[AIM OF THE TASK] The lines wanted run from the first one below through the one with "move=> x1 x2 /twin_indexP". Return them exactly.

┌─ DATA FOR REVIEW

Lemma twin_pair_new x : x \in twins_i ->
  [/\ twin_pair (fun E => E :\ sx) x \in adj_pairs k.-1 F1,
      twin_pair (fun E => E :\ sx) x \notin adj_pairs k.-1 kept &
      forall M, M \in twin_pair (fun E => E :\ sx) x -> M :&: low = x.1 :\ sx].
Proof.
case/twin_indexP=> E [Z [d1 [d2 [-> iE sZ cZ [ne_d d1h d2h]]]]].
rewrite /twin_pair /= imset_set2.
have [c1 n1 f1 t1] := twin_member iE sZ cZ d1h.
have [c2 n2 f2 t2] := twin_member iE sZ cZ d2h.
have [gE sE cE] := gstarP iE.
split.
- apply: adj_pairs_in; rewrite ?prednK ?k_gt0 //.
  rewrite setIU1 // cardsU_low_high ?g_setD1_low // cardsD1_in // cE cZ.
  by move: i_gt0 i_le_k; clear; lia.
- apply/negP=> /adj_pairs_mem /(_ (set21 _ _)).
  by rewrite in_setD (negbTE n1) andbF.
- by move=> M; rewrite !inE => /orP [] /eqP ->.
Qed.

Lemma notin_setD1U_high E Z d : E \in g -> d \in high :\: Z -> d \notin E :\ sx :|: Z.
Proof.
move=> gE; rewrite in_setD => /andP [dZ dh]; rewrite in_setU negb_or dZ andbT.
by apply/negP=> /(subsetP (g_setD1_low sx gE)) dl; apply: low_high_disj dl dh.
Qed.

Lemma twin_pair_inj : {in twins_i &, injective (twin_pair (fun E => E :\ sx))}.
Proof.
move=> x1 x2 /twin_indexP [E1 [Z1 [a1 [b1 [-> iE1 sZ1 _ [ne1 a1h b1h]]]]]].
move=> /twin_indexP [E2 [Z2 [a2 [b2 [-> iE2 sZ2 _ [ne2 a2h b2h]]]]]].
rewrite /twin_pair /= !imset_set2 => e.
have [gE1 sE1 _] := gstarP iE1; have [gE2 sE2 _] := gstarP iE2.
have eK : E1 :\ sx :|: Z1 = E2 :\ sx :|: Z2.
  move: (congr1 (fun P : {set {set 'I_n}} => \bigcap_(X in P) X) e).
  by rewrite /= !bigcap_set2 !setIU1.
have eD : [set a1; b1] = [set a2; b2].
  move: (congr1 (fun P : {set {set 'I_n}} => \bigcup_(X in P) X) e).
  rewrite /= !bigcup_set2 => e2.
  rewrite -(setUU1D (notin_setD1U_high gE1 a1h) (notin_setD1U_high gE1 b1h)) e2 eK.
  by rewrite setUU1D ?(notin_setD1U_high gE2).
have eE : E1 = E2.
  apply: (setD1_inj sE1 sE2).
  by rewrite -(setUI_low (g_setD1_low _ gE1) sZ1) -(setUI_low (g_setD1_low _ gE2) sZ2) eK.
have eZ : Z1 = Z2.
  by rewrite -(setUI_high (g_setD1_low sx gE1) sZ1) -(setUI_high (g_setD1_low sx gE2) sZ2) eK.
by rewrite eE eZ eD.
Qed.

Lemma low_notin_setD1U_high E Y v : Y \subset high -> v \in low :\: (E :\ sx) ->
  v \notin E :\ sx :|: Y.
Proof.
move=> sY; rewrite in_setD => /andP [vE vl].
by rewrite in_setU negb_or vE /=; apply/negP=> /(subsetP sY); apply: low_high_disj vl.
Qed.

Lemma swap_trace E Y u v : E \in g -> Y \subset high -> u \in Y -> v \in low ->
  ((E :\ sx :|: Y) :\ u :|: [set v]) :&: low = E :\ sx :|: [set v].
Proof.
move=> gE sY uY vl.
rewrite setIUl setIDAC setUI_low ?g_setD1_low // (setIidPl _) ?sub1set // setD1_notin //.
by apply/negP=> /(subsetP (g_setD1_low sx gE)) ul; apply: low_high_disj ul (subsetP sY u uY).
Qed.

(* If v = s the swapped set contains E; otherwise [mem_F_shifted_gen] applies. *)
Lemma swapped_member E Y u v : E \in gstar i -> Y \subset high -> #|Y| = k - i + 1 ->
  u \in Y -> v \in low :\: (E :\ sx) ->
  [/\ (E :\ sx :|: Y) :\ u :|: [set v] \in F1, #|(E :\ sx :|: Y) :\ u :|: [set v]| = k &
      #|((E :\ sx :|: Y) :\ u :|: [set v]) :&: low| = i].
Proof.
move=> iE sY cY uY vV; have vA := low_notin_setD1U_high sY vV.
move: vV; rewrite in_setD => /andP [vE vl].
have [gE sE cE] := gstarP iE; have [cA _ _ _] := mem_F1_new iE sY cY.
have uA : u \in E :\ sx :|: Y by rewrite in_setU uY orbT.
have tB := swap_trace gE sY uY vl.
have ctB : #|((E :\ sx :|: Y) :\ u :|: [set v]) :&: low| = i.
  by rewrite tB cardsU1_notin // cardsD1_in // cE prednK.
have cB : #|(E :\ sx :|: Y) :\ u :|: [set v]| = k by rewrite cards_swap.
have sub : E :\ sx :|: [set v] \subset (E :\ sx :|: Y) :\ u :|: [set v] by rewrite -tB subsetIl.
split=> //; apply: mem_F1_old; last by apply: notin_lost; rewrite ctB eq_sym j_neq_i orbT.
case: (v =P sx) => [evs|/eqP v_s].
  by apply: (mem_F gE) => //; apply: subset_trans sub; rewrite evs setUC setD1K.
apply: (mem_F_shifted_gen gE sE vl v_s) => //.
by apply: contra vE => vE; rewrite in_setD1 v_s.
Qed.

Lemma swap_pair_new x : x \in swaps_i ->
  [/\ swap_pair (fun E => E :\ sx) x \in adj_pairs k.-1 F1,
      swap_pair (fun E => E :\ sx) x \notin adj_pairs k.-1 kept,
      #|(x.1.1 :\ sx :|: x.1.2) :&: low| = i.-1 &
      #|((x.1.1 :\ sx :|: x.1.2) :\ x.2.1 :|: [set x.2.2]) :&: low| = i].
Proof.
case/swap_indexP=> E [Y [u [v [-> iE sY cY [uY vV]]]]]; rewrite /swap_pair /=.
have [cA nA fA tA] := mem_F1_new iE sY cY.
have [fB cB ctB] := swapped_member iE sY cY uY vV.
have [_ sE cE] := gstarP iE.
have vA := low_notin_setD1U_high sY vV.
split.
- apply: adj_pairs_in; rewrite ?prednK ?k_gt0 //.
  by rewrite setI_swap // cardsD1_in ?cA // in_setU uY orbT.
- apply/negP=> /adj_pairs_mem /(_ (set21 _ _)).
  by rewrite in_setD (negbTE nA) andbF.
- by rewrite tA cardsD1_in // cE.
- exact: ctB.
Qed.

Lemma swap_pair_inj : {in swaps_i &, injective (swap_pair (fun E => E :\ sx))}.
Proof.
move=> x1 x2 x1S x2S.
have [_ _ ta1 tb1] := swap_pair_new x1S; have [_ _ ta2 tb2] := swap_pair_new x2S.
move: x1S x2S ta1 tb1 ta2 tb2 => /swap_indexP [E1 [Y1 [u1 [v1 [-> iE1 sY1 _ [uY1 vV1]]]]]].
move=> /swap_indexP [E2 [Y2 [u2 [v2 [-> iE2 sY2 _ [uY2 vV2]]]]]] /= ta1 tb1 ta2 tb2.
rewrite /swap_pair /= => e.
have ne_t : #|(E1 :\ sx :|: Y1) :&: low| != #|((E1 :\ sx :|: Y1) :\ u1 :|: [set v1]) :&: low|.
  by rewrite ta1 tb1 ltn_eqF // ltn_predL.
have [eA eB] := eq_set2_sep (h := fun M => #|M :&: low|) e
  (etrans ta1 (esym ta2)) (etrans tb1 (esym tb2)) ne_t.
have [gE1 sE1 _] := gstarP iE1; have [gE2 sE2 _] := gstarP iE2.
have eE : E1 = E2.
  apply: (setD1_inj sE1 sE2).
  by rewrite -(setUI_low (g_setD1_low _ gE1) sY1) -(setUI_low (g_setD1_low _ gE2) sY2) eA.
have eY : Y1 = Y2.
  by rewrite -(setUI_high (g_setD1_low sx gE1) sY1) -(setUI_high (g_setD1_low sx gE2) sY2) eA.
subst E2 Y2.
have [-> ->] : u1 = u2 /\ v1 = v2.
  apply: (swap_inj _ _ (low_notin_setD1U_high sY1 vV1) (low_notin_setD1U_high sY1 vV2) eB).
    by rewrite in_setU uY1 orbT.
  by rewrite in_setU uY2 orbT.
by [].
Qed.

└─

[EXERCISE RESPONSE]
Lemma twin_pair_new x : x \in twins_i ->
  [/\ twin_pair (fun E => E :\ sx) x \in adj_pairs k.-1 F1,
      twin_pair (fun E => E :\ sx) x \notin adj_pairs k.-1 kept &
      forall M, M \in twin_pair (fun E => E :\ sx) x -> M :&: low = x.1 :\ sx].
Proof.
case/twin_indexP=> E [Z [d1 [d2 [-> iE sZ cZ [ne_d d1h d2h]]]]].
rewrite /twin_pair /= imset_set2.
have [c1 n1 f1 t1] := twin_member iE sZ cZ d1h.
have [c2 n2 f2 t2] := twin_member iE sZ cZ d2h.
have [gE sE cE] := gstarP iE.
split.
- apply: adj_pairs_in; rewrite ?prednK ?k_gt0 //.
  rewrite setIU1 // cardsU_low_high ?g_setD1_low // cardsD1_in // cE cZ.
  by move: i_gt0 i_le_k; clear; lia.
- apply/negP=> /adj_pairs_mem /(_ (set21 _ _)).
  by rewrite in_setD (negbTE n1) andbF.
- by move=> M; rewrite !inE => /orP [] /eqP ->.
Qed.

Lemma notin_setD1U_high E Z d : E \in g -> d \in high :\: Z -> d \notin E :\ sx :|: Z.
Proof.
move=> gE; rewrite in_setD => /andP [dZ dh]; rewrite in_setU negb_or dZ andbT.
by apply/negP=> /(subsetP (g_setD1_low sx gE)) dl; apply: low_high_disj dl dh.
Qed.

Lemma twin_pair_inj : {in twins_i &, injective (twin_pair (fun E => E :\ sx))}.
Proof.
move=> x1 x2 /twin_indexP [E1 [Z1 [a1 [b1 [-> iE1 sZ1 _ [ne1 a1h b1h]]]]]].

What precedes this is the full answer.